* **Work order**
Every line from the one with "unfold transport. rewrite (proj2" through the final line of the entries below should be returned exactly; leave out all other lines.

[Dataset entries]
--- --- ---

Lemma transport_ext Psi G Psi' G' L x : Psi L = Psi' L -> G L = G' L ->
  transport Psi G L x = transport Psi' G' L x.
Proof. intros E1 E2. unfold transport. rewrite E1, E2. reflexivity. Qed.

Lemma transport_iso Psi G L : lobe L -> lobe (Psi L) -> in_stab (G L) ->
  lobe_iso V L (Psi L) (transport Psi G L).
Proof.
  intros HL HP [Hg Hm]. unfold transport.
  apply (lobe_iso_comp L L0 (Psi L) (fun x => G L (sigma_inv L x))); [|apply Hsigma; auto].
  apply (lobe_iso_comp L L0 L0 (sigma_inv L) (G L)); [apply sigma_inv_iso; auto|].
  apply (aut_lobe_iso adj); auto.
Qed.

Lemma tau_set_intro q v L x : lobe L -> stab_orbit V adj L0 q x -> sigma L x = v -> tau sigma q v L.
Proof. intros HL Hx Hv. split; auto. exists x. auto. Qed.

Lemma transport_aut_orbit Psi G L v : lobe L -> lobe (Psi L) -> in_stab (G L) -> lv L v ->
  aut_orbit V adj v (transport Psi G L v).
Proof.
  intros HL HP HG Hv. destruct (sigma_inv_spec L HL v Hv) as [Hz Hsz].
  set (z := sigma_inv L v) in *.
  assert (O1 : aut_orbit V adj z v).
  { apply (Htau_orbit z Hz). exists L.
    exact (tau_set_intro z v L z HL (stab_orbit_refl adj L0 z) Hsz). }
  assert (O2 : aut_orbit V adj z (transport Psi G L v)).
  { apply (Htau_orbit z Hz). exists (Psi L).
    apply (tau_set_intro z _ (Psi L) (G L z) HP); [|reflexivity].
    destruct HG as [Hg Hm]. exists (G L). auto. }
  exact (aut_orbit_trans adj _ _ _ (aut_orbit_sym adj _ _ O1) O2).
Qed.

Lemma transport_stab_orbit Psi G L v : lobe L -> lobe (Psi L) -> in_stab (G L) -> lv L v ->
  stab_orbit V adj L0 (sigma_inv L v) (sigma_inv (Psi L) (transport Psi G L v)).
Proof.
  intros HL HP HG Hv. destruct (sigma_inv_spec L HL v Hv) as [Hz Hsz].
  unfold transport. rewrite (proj2 (sigma_inv_iso _ HP)) by (apply in_stab_lobe_vertex; auto).
  destruct HG as [Hg Hm]. exists (G L). auto.
Qed.

Lemma tau_set_iff q v L : lv L0 q -> lobe L -> lv L v ->
  (tau sigma q v L <-> stab_orbit V adj L0 q (sigma_inv L v)).
Proof.
  intros Hq HL Hv. split.
  - intros (_ & x & Hx & <-).
    rewrite (proj2 (sigma_inv_iso L HL)); [auto|eapply stab_orbit_lobe_vertex; eauto].
  - intros H. apply (tau_set_intro q v L (sigma_inv L v) HL H), sigma_inv_spec; auto.
Qed.

Lemma tau_set_lobe_vertex q v L : lv L0 q -> tau sigma q v L -> lv L v.
Proof.
  intros Hq (HL & x & Hx & <-). apply (Hsigma L HL). eapply stab_orbit_lobe_vertex; eauto.
Qed.

Definition child_of (v : V) (P : V -> V -> Prop) (L : V -> V -> Prop) : Prop :=
  lobe L /\ lv L v /\ L <> P.

Lemma child_type_fiber v P r : lv L0 r ->
  (fun L => child_of v P L /\ stab_orbit V adj L0 (sigma_inv L v) = stab_orbit V adj L0 r) =
  (fun L => tau sigma r v L /\ L <> P).
Proof.
  intros Hr. apply functional_extensionality. intros L. apply propositional_extensionality. split.
  - intros ((HL & HLv & HLP) & E). split; auto.
    apply tau_set_iff; auto. apply stab_orbit_sym, stab_orbit_ext, E.
  - intros (HT & HLP). assert (HLv := tau_set_lobe_vertex r v L Hr HT).
    split; [split; [apply HT|auto]|].
    apply stab_orbit_ext, stab_orbit_sym, tau_set_iff; auto. apply HT.
Qed.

--- --- ---

* **Exercise solution**
  unfold transport. rewrite (proj2 (sigma_inv_iso _ HP)) by (apply in_stab_lobe_vertex; auto).
  destruct HG as [Hg Hm]. exists (G L). auto.
Qed.

Lemma tau_set_iff q v L : lv L0 q -> lobe L -> lv L v ->
  (tau sigma q v L <-> stab_orbit V adj L0 q (sigma_inv L v)).
Proof.
  intros Hq HL Hv. split.
  - intros (_ & x & Hx & <-).
    rewrite (proj2 (sigma_inv_iso L HL)); [auto|eapply stab_orbit_lobe_vertex; eauto].
  - intros H. apply (tau_set_intro q v L (sigma_inv L v) HL H), sigma_inv_spec; auto.
Qed.

Lemma tau_set_lobe_vertex q v L : lv L0 q -> tau sigma q v L -> lv L v.
Proof.
  intros Hq (HL & x & Hx & <-). apply (Hsigma L HL). eapply stab_orbit_lobe_vertex; eauto.
Qed.

Definition child_of (v : V) (P : V -> V -> Prop) (L : V -> V -> Prop) : Prop :=
  lobe L /\ lv L v /\ L <> P.

Lemma child_type_fiber v P r : lv L0 r ->
  (fun L => child_of v P L /\ stab_orbit V adj L0 (sigma_inv L v) = stab_orbit V adj L0 r) =
  (fun L => tau sigma r v L /\ L <> P).
Proof.
  intros Hr. apply functional_extensionality. intros L. apply propositional_extensionality. split.
  - intros ((HL & HLv & HLP) & E). split; auto.
    apply tau_set_iff; auto. apply stab_orbit_sym, stab_orbit_ext, E.
  - intros (HT & HLP). assert (HLv := tau_set_lobe_vertex r v L Hr HT).
    split; [split; [apply HT|auto]|].
    apply stab_orbit_ext, stab_orbit_sym, tau_set_iff; auto. apply HT.
Qed.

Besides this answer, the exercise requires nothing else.